Молодежь (а точнее, молодость) мира, оттесняемая на обочину, изгоняемая в виртуальную действительность, вела жестокие арьергардные бои далеко не только виртуального плана. Характерно при этом, что вовсю срабатывал мотив компенсации: каждый (в каждой стране) стремился испытать то, в чем чувствовал себя обделенным. Русские слободчане конца пятидесятых, не хлебнувшие «экономического чуда» (и, соответственно, не нахлебавшиеся им досыта), нацепляли брюки-дудочки и отпускали длинные волосы, терпя за это поношения, а то и избиения со стороны своих сверстников, опоздавших родиться пламенными чекистами. В Западной Германии, Италии, Японии, побежденных и униженных в итоге Второй мировой, уходили в «красные бригады» и им подобные террористические организации. В благополучнейшей Франции устраивали едва не переросшие в революцию студенческие волнения. В объевшейся и нейтральной Швеции ставили рекорды по числу самоубийств. В стране Освенцима – Польше – увлекались антисемитизмом («платоническим антисемитизмом», как определил один из исследователей). Из примитивно-социалистической Болгарии всеми правдами и неправдами выживали былых поработителей – турок, кровь которых течет в жилах едва ли не у каждого болгарина. Национализм (в Северном полушарии) расцветал и расцветает в двух видах: как державно-спекулятивный, с одной стороны, и как ностальгически-виртуальный – с другой, становясь (во втором случае) не «последним прибежищем негодяя», а последним прибежищем маргинала, ни за что не желающего смириться с собственной маргинальностью.
Самым мощным и жизнестойким оказался, однако же, американский вариант бегства от действительности (или, конечно же, изгнания из действительности). Вернее, оба американских варианта, обе волны – Бит-Поколение и Поколение Хиппи… Мир, в конечном счете, пусть и не слишком надолго, покорили именно они, заметно превзойдя в этом отношении и военно-морской флот США, и даже Голливуд США, хотя успех первых в значительной мере базировался на мощи вторых; да и сама по себе вестернизация – то есть следование американским канонам – на него работала.

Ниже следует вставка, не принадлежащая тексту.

(* Suppose Assumptions 1 and 2 hold, $U$ is concave, and $U'(0)$ exists. Let $U'_-$ denote the left derivative of $U$ (for $\lambda>0$; at $\lambda=0$ use $U'(0)$), and set $\epsilon_n(t,\lambda)=U'_-(\lambda)e^{-\alpha t}\frac{\bar c}{\alpha}(1-\epsilon+\epsilon e^{-\alpha\delta})^n$. Then for all $n\ge0$ and all $(t,i,\lambda)$, $$V_n(t,i,\lambda)\le V_\infty(t,i,\lambda)\le V_n(t,i,\lambda)+\epsilon_n(t,\lambda),$$ and also $0\le (T^n\bar v)(t,i,\lambda)-(T^nU)(t,i,\lambda)\le\epsilon_n(t,\lambda)$, where $\bar v(t,\lambda)=U(e^{-\alpha t}\bar c/\alpha+\lambda)$.
   Context: Semi-Markov decision model with countable $E$, admissible action sets $A(i)$, semi-Markov kernel $Q(\cdot,\cdot\mid i,a)$ (joint law of sojourn time and next state, $Q(0,j\mid i,a)=0$), measurable cost $C:K\to[0,\bar c]$ with $0<\bar c<\infty$, discount $\alpha>0$, utility $U:[0,\infty)\to\mathbb R$ continuous, strictly increasing. Augmented chain $(T_n,X_n,C_n)$ from $(t,i,\lambda)$: $(T_{k+1}-T_k,X_{k+1})\sim Q(\cdot,\cdot\mid X_k,A_k)$ given the past, $C_n=\lambda+\sum_{k<n}\frac{C(X_k,A_k)}{\alpha}(e^{-\alpha T_k}-e^{-\alpha T_{k+1}})$, $C_\infty=\lim C_n$. $V_n=\inf_\pi\mathbb E^\pi_{(t,i,\lambda)}[U(C_n)]$, $V_\infty=\inf_\pi\mathbb E^\pi_{(t,i,\lambda)}[U(C_\infty)]$ (infima over all history-dependent policies). $T$ is the operator $Tv(t,i,\lambda)=\inf_{a\in A(i)}\sum_j\int v(t+s,j,\lambda+\frac{C(i,a)}{\alpha}(e^{-\alpha t}-e^{-\alpha(t+s)}))Q(ds,j\mid i,a)$, applied to $U$ viewed as $(t,i,\lambda)\mapsto U(\lambda)$ and to $\bar v$. Assumption 1: there exist $\delta,\epsilon>0$ with $\sup_{(i,a)}Q(\delta,E\mid i,a)\le1-\epsilon$. Assumption 2: $A(i)$ compact; $a\mapsto C(i,a)$ continuous; for each measurable $v$ with $U(\lambda)\le v(t,i,\lambda)\le U(e^{-\alpha t}\bar c/\alpha+\lambda)$ the map $a\mapsto\sum_j\int v(t+s,j,\lambda+\frac{C(i,a)}{\alpha}(e^{-\alpha t}-e^{-\alpha(t+s)}))Q(ds,j\mid i,a)$ is continuous on $A(i)$. *)

From HB Require Import structures.
From mathcomp Require Import all_boot all_order all_algebra.
From mathcomp Require Import all_classical all_reals all_analysis measurable_realfun.
Set Implicit Arguments. Unset Strict Implicit. Unset Printing Implicit Defensive.
Import Order.TTheory GRing.Theory Num.Theory.
Import numFieldNormedType.Exports.
Local Open Scope classical_set_scope.
Local Open Scope ring_scope.
Lemma shrinkage_risk_diag (R : realType) (s2 B : R) : s2 + B != 0 ->
  shrinkage_risk s2 B B = s2 * B / (s2 + B).
Proof. by move=> s2B_neq0; rewrite /shrinkage_risk; field. Qed.

Lemma shrinkage_risk_ge (R : realType) (s2 B At : R) : 0 < s2 + B -> s2 + At != 0 ->
  s2 * B / (s2 + B) <= shrinkage_risk s2 B At.
Proof.
move=> s2B_gt0 s2At_neq0; have s2B_neq0 : s2 + B != 0 by rewrite gt_eqF.
rewrite -subr_ge0.
have -> : shrinkage_risk s2 B At - s2 * B / (s2 + B) =
    (s2 * (At - B)) ^+ 2 / ((s2 + At) ^+ 2 * (s2 + B)).
  by rewrite /shrinkage_risk; field; apply/andP.
by rewrite divr_ge0 ?sqr_ge0// mulr_ge0 ?sqr_ge0 ?ltW.
Qed.

Lemma ge0_integral_cstDl d (T : measurableType d) (R : realType)
    (P : probability T R) (c : R) (f : T -> \bar R) :
  0 <= c -> (forall x, 0 <= f x)%E -> measurable_fun setT f ->
  (\int[P]_x (c%:E + f x) = c%:E + \int[P]_x f x)%E.
Proof.
move=> c_ge0 f0 mf.
by rewrite ge0_integralD// integral_cst// [X in (_ * X)%E]probability_setT mule1.
Qed.

Section hierarchical_model.
Context {R : realType} {d : measure_display} {T : measurableType d}.
Context {PX : probability T R} {m : T -> R} {A s2 : R} {mt : T -> R}.
Hypotheses (mm : measurable_fun setT m) (mmt : measurable_fun setT mt).
Hypotheses (A_ge0 : 0 <= A) (s2_gt0 : 0 < s2).

Let s2_ge0 : 0 <= s2. Proof. exact: ltW. Qed.

Let D := (\int[PX]_x ((mt x - m x) ^+ 2)%:E)%E.

Lemma Emodel_sqr_affine_error (al be : R) :
  Emodel PX m A s2 (fun x mu z => ((al * (z - mu) + be * (mt x - mu)) ^+ 2)%:E) =
  ((al ^+ 2 * s2 + be ^+ 2 * A)%:E + (be ^+ 2)%:E * D)%E.
Proof.
have inner x mu : (\int[gauss mu s2]_z ((al * (z - mu) + be * (mt x - mu)) ^+ 2)%:E =
    (al ^+ 2 * s2 + (- be * (mu - m x) + be * (mt x - m x)) ^+ 2)%:E)%E.
  rewrite (_ : (fun z => _) =
    (fun z => (0 + (al * (z - mu) + be * (mt x - mu)) ^+ 2)%:E)).
    by rewrite integral_gauss_cst_sqr// add0r; congr EFin; ring.
  by apply/funext => z; rewrite add0r.
have middle x : (\int[gauss (m x) A]_mu
    (al ^+ 2 * s2 + (- be * (mu - m x) + be * (mt x - m x)) ^+ 2)%:E =
    (al ^+ 2 * s2 + be ^+ 2 * A + be ^+ 2 * (mt x - m x) ^+ 2)%:E)%E.
  by rewrite integral_gauss_cst_sqr ?(mulr_ge0 (sqr_ge0 al))//; congr EFin; ring.
transitivity (\int[PX]_x ((al ^+ 2 * s2 + be ^+ 2 * A)%:E +
    (be ^+ 2)%:E * ((mt x - m x) ^+ 2)%:E))%E.
  apply: eq_integral => x _; rewrite -EFinM -EFinD -middle.
  by congr integral; apply/funext => mu; exact: inner.
have mD : measurable_fun setT (fun x => ((mt x - m x) ^+ 2)%:E).
  by apply/measurable_EFinP; apply: measurable_funX; exact: measurable_funB.
have c_ge0 : 0 <= al ^+ 2 * s2 + be ^+ 2 * A.
  by rewrite addr_ge0// mulr_ge0// sqr_ge0.
have sqr_ge0E x : (0 <= ((mt x - m x) ^+ 2)%:E)%E by rewrite lee_fin sqr_ge0.
rewrite ge0_integral_cstDl//.
- by rewrite ge0_integralZl// lee_fin sqr_ge0.
- by move=> x; rewrite mule_ge0// lee_fin sqr_ge0.
- exact: emeasurable_funM.
Qed.

Lemma Emodel_sqr_prediction_error :
  Emodel PX m A s2 (fun x _ z => ((mt x - z) ^+ 2)%:E) = ((s2 + A)%:E + D)%E.
Proof.
rewrite (_ : (fun x _ z => _) =
    (fun x mu z => ((-1 * (z - mu) + 1 * (mt x - mu)) ^+ 2)%:E)).
  by rewrite Emodel_sqr_affine_error sqrrN !expr1n !mul1r mul1e.
by apply/funext => x; apply/funext => mu; apply/funext => z; congr EFin; ring.
Qed.

Lemma fin_num_integral_sqr_mean_error :
  (Emodel PX m A s2 (fun x _ z => ((mt x - z) ^+ 2)%:E) < +oo)%E -> D \is a fin_num.
Proof.
have D_ge0 : (0 <= D)%E by apply: integral_ge0 => x _; rewrite lee_fin sqr_ge0.
rewrite Emodel_sqr_prediction_error ge0_fin_numE//; apply: le_lt_trans.
by rewrite lee_paddl// lee_fin addr_ge0.
Qed.

Lemma Emodel_tstar_risk (At : R) : s2 + At != 0 -> D \is a fin_num ->
  Emodel PX m A s2 (fun x mu z => ((tstar s2 mt At x z - mu) ^+ 2)%:E) =
  (shrinkage_risk s2 (A + fine D) At)%:E.
Proof.
move=> s2At_neq0 D_fin.
rewrite (_ : (fun x mu z => _) = (fun x mu z =>
    ((At / (s2 + At) * (z - mu) + s2 / (s2 + At) * (mt x - mu)) ^+ 2)%:E)).
  rewrite Emodel_sqr_affine_error -{1}[D]fineK// -EFinM -EFinD.
  by congr EFin; rewrite /shrinkage_risk; ring.
apply/funext => x; apply/funext => mu; apply/funext => z.
by rewrite /tstar; congr (EFin (_ ^+ 2)); field.
Qed.

End hierarchical_model.

Theorem proposition1 (R : realType) (d : measure_display) (T : measurableType d)
  (PX : probability T R) (m : T -> R) (A sigma : R) (mt : T -> R) :
  measurable_fun setT m -> measurable_fun setT mt ->
  0 <= A -> 0 < sigma ->
  (Emodel PX m A (sigma ^+ 2) (fun x _ z => ((mt x - z) ^+ 2)%:E) < +oo)%E ->
  let Amt := fine (Emodel PX m A (sigma ^+ 2) (fun x _ z => ((mt x - z) ^+ 2)%:E))
             - sigma ^+ 2 in
  let risk := fun At : R =>
    Emodel PX m A (sigma ^+ 2)
      (fun x mu z => ((tstar (sigma ^+ 2) mt At x z - mu) ^+ 2)%:E) in
  [/\ risk Amt = ereal_inf [set risk At | At in [set At : R | 0 <= At]],
      ereal_inf [set risk At | At in [set At : R | 0 <= At]]
        = (sigma ^+ 2 * Amt / (sigma ^+ 2 + Amt))%:E
    & (risk Amt <= risk A)%E].
Proof.
move=> mm mmt A_ge0 sigma_gt0 prediction_lty Amt risk.
have s2_gt0 : 0 < sigma ^+ 2 by rewrite exprn_gt0.
have D_fin := fin_num_integral_sqr_mean_error mm mmt A_ge0 s2_gt0 prediction_lty.
set B := A + fine (\int[PX]_x ((mt x - m x) ^+ 2)%:E)%E.
have AmtE : Amt = B.
  rewrite /Amt (Emodel_sqr_prediction_error mm mmt A_ge0 s2_gt0) -[X in (_ + X)%E]fineK//.
  by rewrite -EFinD /= /B; ring.
have B_ge0 : 0 <= B.
  by rewrite addr_ge0// fine_ge0// integral_ge0// => x _; rewrite lee_fin sqr_ge0.
have s2B_gt0 : 0 < sigma ^+ 2 + B by rewrite ltr_pwDl.
have s2At_neq0 At : 0 <= At -> sigma ^+ 2 + At != 0.
  by move=> At0; rewrite gt_eqF// ltr_pwDl.
have riskE At : 0 <= At -> risk At = (shrinkage_risk (sigma ^+ 2) B At)%:E.
  by move=> At0; rewrite /risk Emodel_tstar_risk ?s2At_neq0.
have risk_min At : 0 <= At -> (risk Amt <= risk At)%E.
  move=> At0; rewrite !riskE ?AmtE// lee_fin shrinkage_risk_diag ?gt_eqF//.
  by rewrite shrinkage_risk_ge ?s2At_neq0.
have risk_inf : risk Amt = ereal_inf [set risk At | At in [set At : R | 0 <= At]].
  apply/eqP; rewrite eq_le ereal_inf_lbound ?andbT; last first.
    by exists Amt => //; rewrite AmtE.
  by apply/ereal_infP => _ [At At0 <-]; exact: risk_min.
split; [exact: risk_inf| |exact: risk_min].
by rewrite -risk_inf riskE AmtE// shrinkage_risk_diag ?gt_eqF.
Qed.
Definition root_types d (f : mforest d) : seq 'I_d := [seq typ t | t <- f].

Definition in_Fr d (r : 'I_d -> nat) (f : mforest d) : Prop :=
  [/\ in_Fd f, size f = (\sum_(i < d) r i)%N,
      forall i, has (fun u => typ u == i) (vertices f)
    & in_Cr r (root_types f)].

Definition in_barFr d (r : 'I_d -> nat) (f : mforest d) : Prop :=
  in_Fr r f /\
  all (fun u => all (fun c => typ c != typ u) (children u)) (vertices f).

Definition Psi d (f : mforest d) : Sdata d :=
  [ffun i =>
    let us := sub_vertices f i in
    mkseq (fun k => [ffun j => \sum_(u <- take k us) ((pch u j)%:Z - (i == j)%:Z)])
          (size us).+1].

Definition Phi d (f : mforest d) : Sdata d * seq 'I_d := (Psi f, root_types f).

(* In a forest without same-type parent-child pairs every subtree of type i is a
   single vertex, so u^(i)_1, u^(i)_2, ... are the type-i vertices in breadth-first
   order, and x^{i,j}_{k+1} - x^{i,j}_k + [i = j] counts the type-j children of the
   (k+1)-th of them.  Hence Phi f records, for every type i and rank k, the sorted
   child types of the k-th type-i vertex; together with the root types this rebuilds
   the forest generation by generation, and any such data (with finitely many
   children in total) is realised by some forest.  The equations of (r, x) at
   s = (n_1, ..., n_d) say that every vertex is a root or a child; minimality holds
   because a breadth-first listing meets every vertex after its parent, so the
   shortest prefix exceeding a solution s would have to exceed it already before
   its last vertex. *)

From mathcomp Require Import all_boot all_order all_algebra zify.
Set Implicit Arguments. Unset Strict Implicit. Unset Printing Implicit Defensive.
Import GRing.Theory Num.Theory.

(** * Generation-by-generation listings *)

Section Levels.
Variables (A : Type) (sel : A -> seq A).

Fixpoint levels n (L : seq A) : seq A :=
  if n is n'.+1 then L ++ levels n' (flatten (map sel L)) else [::].

Lemma levels_nil n : levels n [::] = [::].
Proof. by elim: n => //= n ->. Qed.

Lemma bfs_levels n a : bfs sel n a = levels n [:: a].
Proof.
rewrite /bfs; elim: n [:: a] => [|n IH] L //=.
rewrite /mkseq /= -IH /mkseq; congr (_ ++ flatten _).
rewrite (iotaDl 1 0 n) -map_comp; apply: eq_map => k /=.
by rewrite add0n -iterSr iterS.
Qed.

End Levels.

Lemma map_levels A A' (sel : A -> seq A) (sel' : A' -> seq A') (g : A -> A') n L :
  (forall a, map g (sel a) = sel' (g a)) ->
  map g (levels sel n L) = levels sel' n (map g L).
Proof.
move=> gsel; elim: n L => [|n IH] L //=.
rewrite map_cat IH map_flatten -!map_comp; congr (_ ++ levels _ _ (flatten _)).
by apply: eq_map => a /=; rewrite gsel.
Qed.

Section Forests.
Variable d : nat.
Implicit Types (t u : mtree d) (F G L : seq (mtree d)) (f : mforest d) (i j : 'I_d).

Definition next_gen L := flatten (map (@children d) L).
Definition weight L := sumn (map (@tsize d) L).

(* Generation-by-generation listing of all the vertices of the trees of F,
   mixing the trees; [bfs_trees] lists the trees one after the other. *)
Definition bfs_layers F := levels (@children d) (weight F) F.
Definition bfs_trees f := flatten [seq bfs_layers [:: t] | t <- f].

Lemma next_gen_cons t L : next_gen (t :: L) = children t ++ next_gen L.
Proof. by []. Qed.

Lemma next_gen_cat L1 L2 : next_gen (L1 ++ L2) = next_gen L1 ++ next_gen L2.
Proof. by rewrite /next_gen map_cat flatten_cat. Qed.

Lemma weight_cons t L : weight (t :: L) = tsize t + weight L.
Proof. by []. Qed.

Lemma weight_cat L1 L2 : weight (L1 ++ L2) = weight L1 + weight L2.
Proof. by rewrite /weight map_cat sumn_cat. Qed.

Вестернизация возникла как слепая имитация образа жизни, одухотворенного Американской мечтой. Битники же, а вслед за ними и хиппи поселились в ее развалинах. И сама по себе Американская мечта – замешанная на бегстве (в виртуальную действительность Нового Света) – претерпела к этому времени ряд изменений, граничащих с деградацией.
Создать страну праведных мечтали первопоселенцы в Новой Голландии и в Новой Англии. Крах этой иллюзии был уже очевиден для таких людей, как теолог-кальвинист Джонатан Эдвардс (1703–1758), сосланный за чрезмерно крамольный дух его проповедей в захолустный сельский приход. Сознание неправедности и греховности человека (в том числе и жителя Нового Света) двигало отцами-основателями независимого американского государства; именно оно прописано заглавными буквами в Конституции. Отцы-основатели исходили из того, что греховное – карающее – государство сможет заставить греховного по природе своей человека жить более или менее достойно, – и это был новый вариант Американской мечты, новое ее издание.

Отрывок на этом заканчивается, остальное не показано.